Sorry to disappoint you, Ray-Ray. This premise is so weak, it makes your bananalogy look like Quantum Mechanics.

"We come to you not as molecular biologists or rocket scientists, but as an actor and an author", says Mikey. Well, no shit. Perhaps even a glance at a biology text would have helped you figure out the fallacy you and your deranged mentor have just spewed all over national T.V.

In case you missed it, Ray, a building is not a biological organism. A painting is not a biological organism. Human beings mate to reproduce themselves. Your folksy little simile about the Coke can spontaneously forming itself couldn't possibly be any less appropriate if you tried. No wonder your "Way of the Master" tripe only appeals to those who dropped out of Remedial Christianity 101.

I'm going to throw you a bone. I will admit I have a creator. As a matter of fact, I have two of them.

I call them Mom & Dad.

Tiberius
May 12, 2007, 08:52 PM
And of course it's circular logic.
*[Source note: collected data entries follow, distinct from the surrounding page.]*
(* Since \tr P = 0 in dimension 4, both eigenspaces of P are planes. *)
Lemma adapted_basis_exists (R : rcfType) (G P : 'M[R]_4) :
  RAP_structure G P -> \tr P = 0 -> exists f0 f1 f2 f3, adapted_basis G P f0 f1 f2 f3.
Proof.
move=> hGP htr.
have htr1 (Q : 'M[R]_4) : \tr Q = 0 -> 2%:R < \tr (1%:M + Q).
  by move=> hQ; rewrite mxtraceD hQ mxtrace1 addr0 ltr_nat.
have htrN : \tr (- P) = 0 by rewrite raddfN /= htr oppr0.
have [f0 [f1 h01]] := fixed_orthonormal_pair hGP (htr1 _ htr).
have [f2 [f3 h23]] := fixed_orthonormal_pair (RAP_opp hGP) (htr1 _ htrN).
by exists f0, f1, f2, f3.
Qed.

(* An adapted basis is orthonormal, V+ and V- being orthogonal. *)
Lemma adapted_orthonormal (R : rcfType) (G P : 'M[R]_4) (f0 f1 f2 f3 : 'cV[R]_4) :
  RAP_structure G P -> adapted_basis G P f0 f1 f2 f3 ->
  orthonormal_basis G (basis4 f0 f1 f2 f3).
Proof.
move=> hGP [[h0 h1 h00 h11 h01] [h2 h3 h22 h33 h23]].
have orth u v : P *m u = u -> - P *m v = v -> bil G u v = 0.
  by move=> hu hv; exact: (eigen_orth hGP hu (fixed_opp hv)).
have o02 := orth _ _ h0 h2; have o03 := orth _ _ h0 h3.
have o12 := orth _ _ h1 h2; have o13 := orth _ _ h1 h3.
have sym := bil_sym hGP.
move=> p q; case: p => [[|[|[|[|//]]]] ?]; case: q => [[|[|[|[|//]]]] ?];
  rewrite /basis4 /tnth /=;
  by rewrite ?h00 ?h11 ?h22 ?h33 ?h01 ?h23 ?o02 ?o03 ?o12 ?o13 // sym
    ?h01 ?h23 ?o02 ?o03 ?o12 ?o13.
Qed.

Section Dim4.
Variables (R : rcfType) (G P : 'M[R]_4) (f0 f1 f2 f3 : 'cV[R]_4).
Variable Lc : 'I_4 -> 'I_4 -> 'I_4 -> 'I_4 -> R.
Hypotheses (hGP : RAP_structure G P) (hL : riemannian_P_tensor P Lc).
Hypothesis hf : adapted_basis G P f0 f1 f2 f3.
Local Notation L := (tens4 Lc).
Local Notation pplus x := (projP P x).
Local Notation pminus x := (projP (- P) x).
Local Notation fb := (basis4 f0 f1 f2 f3).
Implicit Types (x y z w u : 'cV[R]_4).

Let hON : orthonormal_basis G fb := adapted_orthonormal hGP hf.
Let hPP : P *m P = 1%:M. Proof. by case: hGP. Qed.

Lemma fixed_in_plane u : P *m u = u -> in_plane G f0 f1 u.
Proof.
have [_ [h2 h3 _ _ _]] := hf; move=> hu.
rewrite /in_plane {1}(ortho_expand hON u).
rewrite (@sum_basis4 _ _ f0 f1 f2 f3 (fun v => bil G v u *: v)).
rewrite (bil_sym hGP f2) (bil_sym hGP f3) (eigen_orth hGP hu (fixed_opp h2)).
by rewrite (eigen_orth hGP hu (fixed_opp h3)) !scale0r !addr0.
Qed.

Lemma anti_in_plane u : P *m u = - u -> in_plane G f2 f3 u.
Proof.
have [[h0 h1 _ _ _] _] := hf; move=> hu.
rewrite /in_plane {1}(ortho_expand hON u).
rewrite (@sum_basis4 _ _ f0 f1 f2 f3 (fun v => bil G v u *: v)).
by rewrite (eigen_orth hGP h0 hu) (eigen_orth hGP h1 hu) !scale0r !add0r.
Qed.

Lemma pplus_in_plane u : in_plane G f0 f1 (pplus u).
Proof. exact: fixed_in_plane (projP_fixed u hPP). Qed.

Lemma pminus_in_plane u : in_plane G f2 f3 (pminus u).
Proof. exact: anti_in_plane (projP_opp u hPP). Qed.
He's assuming that the universe was created in order to show that it was created.

Mizled
May 13, 2007, 01:14 AM
He compares things we know to have been designed to things which show no discernible evidence for it. It's bullshit through and through.

Tiberius
May 13, 2007, 02:11 AM
Yeah, Mizled. If he wants us to accept that the universe was designed, he should provide a mechanism by which we can recognise design.

Koyaanisqatsi
May 13, 2007, 02:44 AM
davidc: "A building," says Cult Leader Ray Comfort, "is absolute proof there was a builder.

Stop right there and you're done.

What does it take to be a "builder"? Well, the evidence shows it takes millions of years of learned, evolutionary survival techniques to be able to build a building. Not magic. What Ray glosses over (metaphorically speaking) is the fact that a watch isn't made in a sandstorm, because a watch is man made. My apologies to our equally capable sisters. It takes applied application to create such things; one would call it intelligence. But not with a capital "i" and certainly not without the good old delta.
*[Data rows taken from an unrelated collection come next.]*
(* Under the standing assumptions, let $u^0\in\operatorname{dom}(J)$ with $|u^0|_H=1$, and let sequences $(u^k)$, $(u^{k+1/2})$, $(\zeta^k)$ be generated by the inverse power method $$\zeta^k\in\partial H(u^k),\qquad u^{k+1/2}\in\partial J^*(\zeta^k),\qquad u^{k+1}=\frac{u^{k+1/2}}{|u^{k+1/2}|_H},$$ where it is assumed that each step is well defined and $u^{k+1/2}\ne0$ for all $k$. Then $R_*(\zeta^k)\le R_*(\zeta^{k+1})$ for all $k\in\mathbb N$. (No homogeneity of $J$ is required.)
   Context: Standing assumptions: $X$ is a real reflexive Banach space with dual $X^*$ and duality pairing $\langle\cdot,\cdot\rangle$; $\Gamma_0(X)$ is the class of proper, lower semi-continuous, convex functionals $X\to\mathbb{R}\cup\{+\infty\}$. Fix $1<p<\infty$ and $q=\frac{p}{p-1}$. Let $J\in\Gamma_0(X)$, and let $H\in\Gamma_0(X)$ be absolutely $p$-homogeneous ($H(tu)=|t|^pH(u)$) such that $|u|_H:=(pH(u))^{1/p}$ is a norm on $X$, so $H(u)=\frac1p|u|_H^p$. The dual norm is $|\zeta|_{H^*}=\sup_{u\ne0}\langle\zeta,u\rangle/|u|_H$, and $H^*(\zeta)=\frac1q|\zeta|_{H^*}^q$. The Fenchel conjugate is $J^*(\zeta)=\sup_{u\in X}\langle\zeta,u\rangle-J(u)$ and the subdifferential is $\partial J(u)=\{\zeta\in X^*:\ J(u)+\langle\zeta,v-u\rangle\le J(v)\ \forall v\in X\}$. Growth assumption: there is $c>0$ with $H(u)\le cJ(u)$ for all $u\in X$. The dual Rayleigh quotient is $R_*(\zeta)=J^*(\zeta)/H^*(\zeta)$ for $\zeta\ne0$. $\operatorname{dom}(J)=\{u:J(u)<\infty\}$. *)

From HB Require Import structures.
From mathcomp Require Import all_boot all_order all_algebra.
From mathcomp Require Import all_classical all_reals all_analysis.
Set Implicit Arguments. Unset Strict Implicit. Unset Printing Implicit Defensive.
Import Order.TTheory GRing.Theory Num.Theory.
Import numFieldNormedType.Exports.
Local Open Scope classical_set_scope.
Local Open Scope ring_scope.

Section Defs.
Context {R : realType} {X : completeNormedModType R}.

Definition dual_elt (f : X -> R) : Prop :=
  (forall (a : R) (x y : X), f (a *: x + y) = a * f x + f y) /\ continuous f.

Definition dual_norm (f : X -> R) : R :=
  sup [set `|f x| | x in [set x : X | `|x| <= 1]].

Definition reflexive_space : Prop :=
  forall phi : (X -> R) -> R,
    (forall (a : R) f g, dual_elt f -> dual_elt g ->
       phi (fun x => a * f x + g x) = a * phi f + phi g) ->
    (exists C : R, forall f, dual_elt f -> `|phi f| <= C * dual_norm f) ->
    exists x : X, forall f, dual_elt f -> phi f = f x.

Local Open Scope ereal_scope.

Definition proper_fun (F : X -> \bar R) : Prop :=
  (exists u, F u < +oo) /\ (forall u, -oo < F u).

Definition convex_fun (F : X -> \bar R) : Prop :=
  forall (u v : X) (t : R), (0 < t < 1)%R ->
    F (t *: u + (1 - t) *: v)%R <= t%:E * F u + (1 - t)%:E * F v.

Definition Gamma0 (F : X -> \bar R) : Prop :=
  proper_fun F /\ lower_semicontinuous F /\ convex_fun F.

Definition fconj (F : X -> \bar R) (zeta : X -> R) : \bar R :=
  ereal_sup [set (zeta u)%:E - F u | u in [set: X]].

Definition subdiff (F : X -> \bar R) (u : X) (zeta : X -> R) : Prop :=
  dual_elt zeta /\ forall v : X, F u + (zeta (v - u)%R)%:E <= F v.

(* w \in \partial G(zeta) for G : X^* -> \bar R, with X^** identified with X *)
Definition subdiff_dual (G : (X -> R) -> \bar R) (zeta : X -> R) (w : X) : Prop :=
  forall eta : X -> R, dual_elt eta -> G zeta + (eta w - zeta w)%R%:E <= G eta.

Definition Hnorm (H : X -> \bar R) (p : R) (u : X) : R :=
  powR (p * fine (H u))%R p^-1.

Definition Rstar (J H : X -> \bar R) (zeta : X -> R) : \bar R :=
  fconj J zeta / fconj H zeta.

End Defs.

From HB Require Import structures.
From mathcomp Require Import all_boot all_order all_algebra.
From mathcomp Require Import all_classical all_reals all_analysis.
From mathcomp Require Import ring lra.
Import Order.TTheory GRing.Theory Num.Theory.
Import numFieldNormedType.Exports.
Local Open Scope classical_set_scope.
Local Open Scope ring_scope.

(** On the H-unit sphere a subgradient [zeta] of H at [u] satisfies
   [zeta u = 1] (differentiate [t |-> t^p H(u)] at [t = 1]), hence
   [H^*(zeta) = 1 - 1/p] and R_* is [J^*] up to a constant factor.
   Since [u^{k+1/2} in dJ^*(zeta^k)],
   [J^*(zeta^{k+1}) >= J^*(zeta^k) + (zeta^{k+1} - zeta^k)(u^{k+1/2})], and the
   increment is nonnegative: [u^{k+1/2}] is a positive multiple of [u^{k+1}],
   where [zeta^{k+1}] equals 1 while [zeta^k] is at most 1. *)

Lemma powR_tangent_le {R : realType} {p l : R} : 1 < p -> 0 < l ->
  l `^ p - 1 <= p * (l - 1) * l `^ (p - 1).
Proof.
move=> p1 l0; have p0 : 0 < p by lra.
have q0 : 0 < p / (p - 1) by rewrite divr_gt0 ?subr_gt0.
have pq : (p / (p - 1))^-1 + p^-1 = 1 by field; lra.
have := conjugate_powR (powR_ge0 l (p - 1)) ler01 q0 p0 pq.
rewrite mulr1 powR1 -powRrM mulrCA divff ?mulr1 ?subr_eq0 ?gt_eqF //.
rewrite -(mulr_powRB1 (ltW l0) p0).
set L := l `^ (p - 1) => Young.
have {}Young : p * L <= (p - 1) * (l * L) + 1.
  have -> : (p - 1) * (l * L) + 1 = p * (l * L / (p / (p - 1)) + 1 / p).
    by field; lra.
  by rewrite ler_pM2l.
lra.
Qed.

Lemma powR_sandwich_eq1 {R : realType} (r a : R) : 0 < r ->
  (forall l, 0 < l -> (l - 1) * a <= (l - 1) * l `^ r) -> a = 1.
Proof.
move=> r0 sandwich; set s := r^-1.
have s0 : 0 < s by rewrite invr_gt0.
have one_s : (1 : R) `^ s = 1 by rewrite powR1.
have powRsK b : 0 <= b -> (b `^ s) `^ r = b.
  by move=> b0; rewrite -powRrM mulVf ?gt_eqF // powRr1.
have above l : 1 < l -> a <= l `^ r.
  by move=> l1; have := sandwich l (lt_trans ltr01 l1); rewrite ler_pM2l ?subr_gt0.
have below l : 0 < l -> l < 1 -> l `^ r <= a.
  by move=> l0 l1; have := sandwich l l0; rewrite ler_nM2l ?subr_lt0.
apply/eqP; rewrite eq_le; apply/andP; split; rewrite leNgt; apply/negP => a1.
- set b := (1 + a) / 2.
  have b1 : 1 < b by rewrite ltr_pdivlMr //; lra.
  have ba : b < a by rewrite ltr_pdivrMr //; lra.
  have : 1 < b `^ s by rewrite -[X in X < _]one_s (gt0_ltr_powR s0) // nnegrE; lra.
  by move=> /above; rewrite powRsK; lra.
- have [a0|a0] := lerP a 0.
    have h0 : (0 : R) < 2^-1 by rewrite invr_gt0.
    have h1 : (2 : R)^-1 < 1 by rewrite invf_lt1 //; lra.
    by have := below _ h0 h1; have := powR_gt0 r h0; lra.
  set b := (1 + a) / 2.
  have b1 : b < 1 by rewrite ltr_pdivrMr //; lra.
  have ab : a < b by rewrite ltr_pdivlMr //; lra.
  have b0 : 0 < b `^ s by apply: powR_gt0; lra.
  have : b `^ s < 1 by rewrite -[X in _ < X]one_s (gt0_ltr_powR s0) // nnegrE; lra.
  by move=> /(below _ b0); rewrite powRsK; lra.
Qed.

Section DualElt.
Context {R : realType} {X : completeNormedModType R} {z : X -> R} (dz : dual_elt z).

Lemma dual_elt0 : z 0 = 0.
Proof. by have := dz.1 1 0 0; rewrite scaler0 addr0 mul1r; lra. Qed.

Lemma dual_eltZ a x : z (a *: x) = a * z x.
Proof. by have := dz.1 a x 0; rewrite addr0 dual_elt0 addr0. Qed.

Lemma dual_eltB x y : z (x - y) = z x - z y.
Proof. by have := dz.1 (-1) y x; rewrite scaleN1r mulN1r addrC => ->; rewrite addrC. Qed.

End DualElt.

Lemma subdiff_dual_le {R : realType} {X : completeNormedModType R}
    {G : (X -> R) -> \bar R} {z eta : X -> R} {w : X} :
  subdiff_dual G z w -> dual_elt eta -> z w <= eta w -> (G z <= G eta)%E.
Proof.
move=> Gzw deta zw; apply: le_trans (Gzw eta deta).
by apply: lee_paddr => //; rewrite lee_fin subr_ge0.
Qed.

Section HomogeneousH.
Context {R : realType} {X : completeNormedModType R} {p : R} {H : X -> \bar R}.
Hypotheses (p1 : 1 < p) (Hcvx : convex_fun H)
  (Hhom : forall (t : R) (v : X), H (t *: v) = ((`|t| `^ p)%:E * H v)%E)
  (Hfin : forall v : X, H v \is a fin_num).

Let p0 : 0 < p. Proof. exact: lt_trans ltr01 p1. Qed.

(* H(0) <= (H w + H(-w)) / 2 = H w, and H(0) = 0 *)
Lemma fine_H_ge0 w : 0 <= fine (H w).
Proof.
have half : 0 < (2^-1 : R) < 1 by rewrite invr_gt0 invf_lt1 //; lra.
have := Hcvx w (- w) (2^-1) half.
have -> : (1 - 2^-1 : R) = 2^-1 by field.
rewrite scalerN subrr -(scale0r w).
rewrite -[- w]scaleN1r !Hhom normrN normr1 powR1 mul1e normr0 powR0 ?gt_eqF // mul0e.
by rewrite -(fineK (Hfin w)) -!EFinM -EFinD lee_fin; lra.
Qed.

Lemma H_of_Hnorm1 {w} : Hnorm H p w = 1 -> H w = (p^-1)%:E.
Proof.
rewrite /Hnorm => /(congr1 (fun x : R => x `^ p)).
rewrite /= -powRrM mulVf ?gt_eqF // powRr1 ?mulr_ge0 ?fine_H_ge0 ?(ltW p0) // powR1.
by move=> pHw; rewrite -(fineK (Hfin w)) -[p^-1]mulr1 -pHw mulKf ?gt_eqF.
Qed.

Section Subgradient.
Context {u : X} {z : X -> R}.
Hypotheses (dHu : subdiff H u z) (u1 : Hnorm H p u = 1).

(* testing the subgradient inequality along the ray [l *: u] pins [z u]
   between [l `^ (p - 1)] for [l < 1] and for [l > 1] *)
Lemma subdiff_H_base : z u = 1.
Proof.
have [dz sub] := dHu.
apply: (@powR_sandwich_eq1 _ (p - 1)); first by rewrite subr_gt0.
move=> l l0; have := sub (l *: u).
rewrite (dual_eltB dz) (dual_eltZ dz) Hhom (H_of_Hnorm1 u1) (ger0_norm (ltW l0)).
rewrite -EFinD -EFinM lee_fin -(ler_pM2l p0) mulrDr mulrCA !mulfV ?gt_eqF //.
rewrite mulr1 => ray; rewrite -(ler_pM2l p0).
have := powR_tangent_le p1 l0; lra.
Qed.

Lemma subdiff_H_le1 w : Hnorm H p w = 1 -> z w <= 1.
Proof.
move=> w1; have := dHu.2 w.
rewrite (dual_eltB dHu.1) subdiff_H_base (H_of_Hnorm1 u1) (H_of_Hnorm1 w1).
by rewrite -EFinD lee_fin; lra.
Qed.

Lemma fconj_H_subdiff : fconj H z = (1 - p^-1)%:E.
Proof.
apply/eqP; rewrite eq_le; apply/andP; split.
  apply/ereal_supP => _ [w _ <-]; have := dHu.2 w.
  rewrite (dual_eltB dHu.1) subdiff_H_base (H_of_Hnorm1 u1).
  by rewrite -(fineK (Hfin w)) -!EFinD !lee_fin; lra.
by apply: ereal_sup_ubound; exists u; rewrite // subdiff_H_base (H_of_Hnorm1 u1) -EFinD.
Qed.

End Subgradient.

End HomogeneousH.

Section HnormNormalize.
Context {R : realType} {X : completeNormedModType R} {p : R} {H : X -> \bar R}.
Hypotheses (Hnorm_def : forall v : X, Hnorm H p v = 0 -> v = 0)
  (Hnorm_scale : forall (a : R) (w : X), Hnorm H p (a *: w) = `|a| * Hnorm H p w).

Lemma Hnorm_gt0 {v} : v <> 0 -> 0 < Hnorm H p v.
Proof.
by move=> v0; rewrite lt0r powR_ge0 andbT; apply: contra_notN v0 => /eqP/Hnorm_def.
Qed.

Lemma Hnorm_normalize {v} : v <> 0 -> Hnorm H p ((Hnorm H p v)^-1 *: v) = 1.
Proof.
move=> /Hnorm_gt0 v0.
by rewrite Hnorm_scale ger0_norm ?invr_ge0 ?ltW // mulVf ?gt_eqF.
Qed.

End HnormNormalize.

Theorem lemma3p1 (R : realType) (X : completeNormedModType R)
  (p : R) (J H : X -> \bar R) (c : R)
  (u uh : nat -> X) (zeta : nat -> X -> R) :
  reflexive_space (X := X) ->
  1 < p ->
  Gamma0 J -> Gamma0 H ->
  (* H absolutely p-homogeneous *)
  (forall (t : R) (v : X), H (t *: v) = ((`|t| `^ p)%:E * H v)%E) ->
  (* |.|_H := (p H(.))^(1/p) is a (finite) norm on X *)
  (forall v : X, H v \is a fin_num) ->
  (forall v : X, Hnorm H p v = 0 -> v = 0) ->
  (forall (a : R) (v : X), Hnorm H p (a *: v) = `|a| * Hnorm H p v) ->
  (forall v w : X, Hnorm H p (v + w) <= Hnorm H p v + Hnorm H p w) ->
  (* growth assumption *)
  0 < c -> (forall v : X, (H v <= c%:E * J v)%E) ->
  (* initial point *)
  (J (u 0%N) < +oo)%E -> Hnorm H p (u 0%N) = 1 ->
  (* inverse power method iterates *)
  (forall k, subdiff H (u k) (zeta k)) ->
  (forall k, subdiff_dual (fconj J) (zeta k) (uh k)) ->
  (forall k, uh k <> 0) ->
  (forall k, u k.+1 = (Hnorm H p (uh k))^-1 *: uh k) ->
  forall k : nat, (Rstar J H (zeta k) <= Rstar J H (zeta k.+1))%E.
Proof.
move=> _ p1 _ [_ [_ Hcvx]] Hhom Hfin Hdef Hscale _ _ _ _ u01 dH dJ uh0 uS k.
have u1 i : Hnorm H p (u i) = 1.
  by case: i => [|i] //; rewrite uS (Hnorm_normalize Hdef Hscale).
have fconjH i := fconj_H_subdiff p1 Hcvx Hhom Hfin (dH i) (u1 i).
rewrite /Rstar !fconjH.
have q0 : 0 < 1 - p^-1 by rewrite subr_gt0 invf_lt1 // (lt_trans ltr01 p1).
apply: lee_wpmul2r; first by rewrite inver gt_eqF // lee_fin invr_ge0 ltW.
apply: (subdiff_dual_le (dJ k) (dH k.+1).1).
have t0 := Hnorm_gt0 Hdef (uh0 k).
have -> : uh k = Hnorm H p (uh k) *: u k.+1.
  by rewrite uS scalerA mulfV ?gt_eqF ?scale1r.
rewrite (dual_eltZ (dH k).1) (dual_eltZ (dH k.+1).1).
rewrite (subdiff_H_base p1 Hcvx Hhom Hfin (dH k.+1) (u1 k.+1)) mulr1 ger_pMr //.
exact: (subdiff_H_le1 p1 Hcvx Hhom Hfin (dH k) (u1 k) _ (u1 k.+1)).
Qed.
This isn't about the chicken or the egg, this is about the idea of the chicken. So if that's what came first, then all bets are off. Then anything we can imagine is what God can imagine and then some. Nothing is real beyond subjective experience. But how could that be if there were a necesary God instantiating it? That axiomatically means that an objective reality exists; where at least you and God exist. If there is an "and" to that equation of existence, then that existence cannot be anything other than objectively true.
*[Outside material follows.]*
(* Let $\alpha_a$ be a labeled dGL hybrid game, $S$ an Angelic subvalue map for $\alpha_a$ and $\varphi$ a formula compatible with $S$ (i.e. $\models S(\mathsf{end})\rightarrow\varphi$). Then every state satisfying $\langle\alpha\rangle\varphi$ satisfies $\langle\mathcal{U}(\alpha_a,S)\rangle\varphi$.
   Context: Differential game logic (dGL). Hybrid games are generated by $\alpha,\beta ::= x:=e \mid \alpha;\beta \mid ?Q \mid \{x'=f(x)\,\&\,Q\} \mid \alpha^{*} \mid \alpha\cup\beta \mid x:=* \mid\ !Q \mid \{x'=f(x)\,\&\,Q\}^{d} \mid \alpha^{\times} \mid \alpha\cap\beta \mid x:=\otimes$, with $x$ a real variable (vector for ODEs), $e,f(x)$ polynomial terms, $Q$ a formula. Players Angel and Demon: $x:=e$ deterministic assignment; in $x:=*$ Angel (in $x:=\otimes$ Demon) assigns any real; in $\{x'=f(x)\&Q\}$ Angel (in $\{\cdot\}^d$ Demon) chooses a duration $r\ge 0$ of following the ODE with $Q$ true throughout; $?Q$ makes Angel lose and $!Q$ makes Demon lose if $Q$ is false; in $\alpha\cup\beta$ Angel (in $\alpha\cap\beta$ Demon) chooses the branch; in $\alpha^*$ Angel (in $\alpha^\times$ Demon) decides before each iteration whether to repeat or stop; $\alpha;\beta$ sequential. Formulas: polynomial (in)equalities closed under connectives, real quantifiers, and modalities $\langle\alpha\rangle\varphi$ (Angel can win $\alpha$ reaching $\varphi$) and $[\alpha]\varphi\equiv\neg\langle\alpha\rangle\neg\varphi$, with the standard dGL winning-region semantics ($\langle x:=*\rangle\varphi\leftrightarrow\exists x\varphi$, $\langle x:=\otimes\rangle\varphi\leftrightarrow\forall x\varphi$, $\langle ?Q\rangle\varphi\leftrightarrow Q\wedge\varphi$, $\langle !Q\rangle\varphi\leftrightarrow(Q\rightarrow\varphi)$, $\cup$ as disjunction, $\cap$ as conjunction, $\langle\alpha;\beta\rangle\varphi\leftrightarrow\langle\alpha\rangle\langle\beta\rangle\varphi$, Angel ODE existential, Demon ODE universal over durations/solutions staying in $Q$, $\langle\alpha^*\rangle$ least and $\langle\alpha^\times\rangle$ greatest fixed point). $\models$ denotes validity. Labels: every node of the syntax tree carries a unique label; $\alpha_a$ has root label $a$; $\mathrm{nodes}(\alpha_a)$ is its set of subgame labels; $\mathsf{end}$ is a special extra label. A map $S$ assigns formulas to a label set containing $\mathrm{nodes}(\alpha_a)\cup\{\mathsf{end}\}$; $S\{\mathsf{end}\mapsto Q\}$ replaces the value at $\mathsf{end}$. $\gamma_g,\delta_d$ denote immediate subgames with root labels $g,d$. Game suffix: $\mathrm{suffix}_a(\alpha_a)=\alpha_a$; for $b\ne a$: for loops $((\gamma_g)^* )_a,((\gamma_g)^\times)_a$ it is $\mathrm{suffix}_b(\gamma_g);\alpha_a$; for $\cup,\cap$ the suffix within the branch containing $b$; for $(\gamma_g;\delta_d)_a$ it is $\mathrm{suffix}_b(\gamma_g);\delta_d$ if $b\in\mathrm{nodes}(\gamma_g)$ else $\mathrm{suffix}_b(\delta_d)$. An Angelic subvalue map for $\alpha_a$ is a map $S$ with $\models S(b)\rightarrow\langle\mathrm{suffix}_b(\alpha_a)\rangle S(\mathsf{end})$ for all $b\in\mathrm{nodes}(\alpha_a)$. Universal projection $\mathcal{U}(\alpha_a,S)$: $(x:=* )_a\mapsto (x:=\otimes)_a;\,!S(\mathsf{end})$; $\{x'=f(x)\&Q\}_a\mapsto(\{x'=f(x)\&Q\}^d)_a;\,!S(\mathsf{end})$; $(\gamma_g\cup\delta_d)_a\mapsto(!S(g);\mathcal{U}(\gamma_g,S))\cap(!S(d);\mathcal{U}(\delta_d,S))$; $((\gamma_g)^* )_a\mapsto(!S(g);\mathcal{U}(\gamma_g,S\{\mathsf{end}\mapsto S(a)\}))^{\times};\,!S(\mathsf{end})$; $(\gamma_g;\delta_d)_a\mapsto\mathcal{U}(\gamma_g,S\{\mathsf{end}\mapsto S(d)\});\mathcal{U}(\delta_d,S)$; $(\gamma_g\cap\delta_d)_a\mapsto\mathcal{U}(\gamma_g,S)\cap\mathcal{U}(\delta_d,S)$; $((\gamma_g)^\times)_a\mapsto\mathcal{U}(\gamma_g,S\{\mathsf{end}\mapsto S(a)\})^\times$; $x:=e,x:=\otimes,?Q,!Q,\{x'=f(x)\&Q\}^d$ unchanged (labels preserved, new nodes fresh labels). *)

From Stdlib Require Import Reals List.
Open Scope R_scope.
But what does the objecitvely true reveal? That there is no God.

Same cognitive dissonance, only resulting in different interpretations. Is one true? Yes. It must be, or else "true" has no ultimate meaning. And if it has no ultimate meaning, then we're just all left to our own imposition of meaning.....of a pattern on the patternless......or order on chaos...Oh. Right. That's the way it actually is. Sorry. Forgot a minute about the practical, seeing as how my "I" is largely a product of just one of my brains. Seeing bunnies in the sky is a fun cognitive trick, but as the basis of an entire epistomology? Not so much.

An abstraction, while a fascinating and useful cognitive ability emergent from and as a result of our predatory pattern solving skills, is necessarily timeless. Like one side of a coin, all it "sees," all it references, all it can acknowledge is itself unencumbered by the necessity of practical application. Without time, there is no change and therefore no reason to measure change. An application, however, is necessarily in time and therefore changes, thereby providing a reason to measure that change, as well as something to measure. To explode the analogy, it's the "flip-side" of that epistomological coin that results in/allows the flip.

This is a justification for inference that requires no other presupposition.

Now what were you saying...?

J. T.
May 13, 2007, 09:57 AM
What kind of "thinking" are they appealing to when they boast about being unqualified?

Science is for smart people who think they're better than you. You can trust us, 'cause we're just a couple of idiots like you.

Karalora
May 13, 2007, 10:00 AM
What is this, Argumentum ad Terminology? We call it Creation, therefore it was Created by a Creator?

Does this mean that prairie dogs are canids after all?

Iacchus
May 13, 2007, 10:19 AM
Yeah, Mizled. If he wants us to accept that the universe was designed, he should provide a mechanism by which we can recognise design.Um ... DNA?

LukeS
May 13, 2007, 10:53 AM
Um ... DNA?

I'll remind you of what Karalora had just said: "What is this, Argumentum ad Terminology? We call it Creation, therefore it was Created by a Creator?"

We call it designed, therefore...

Were caves designed as houses for cavemen? There's even evidence that God hung some pictures on the walls...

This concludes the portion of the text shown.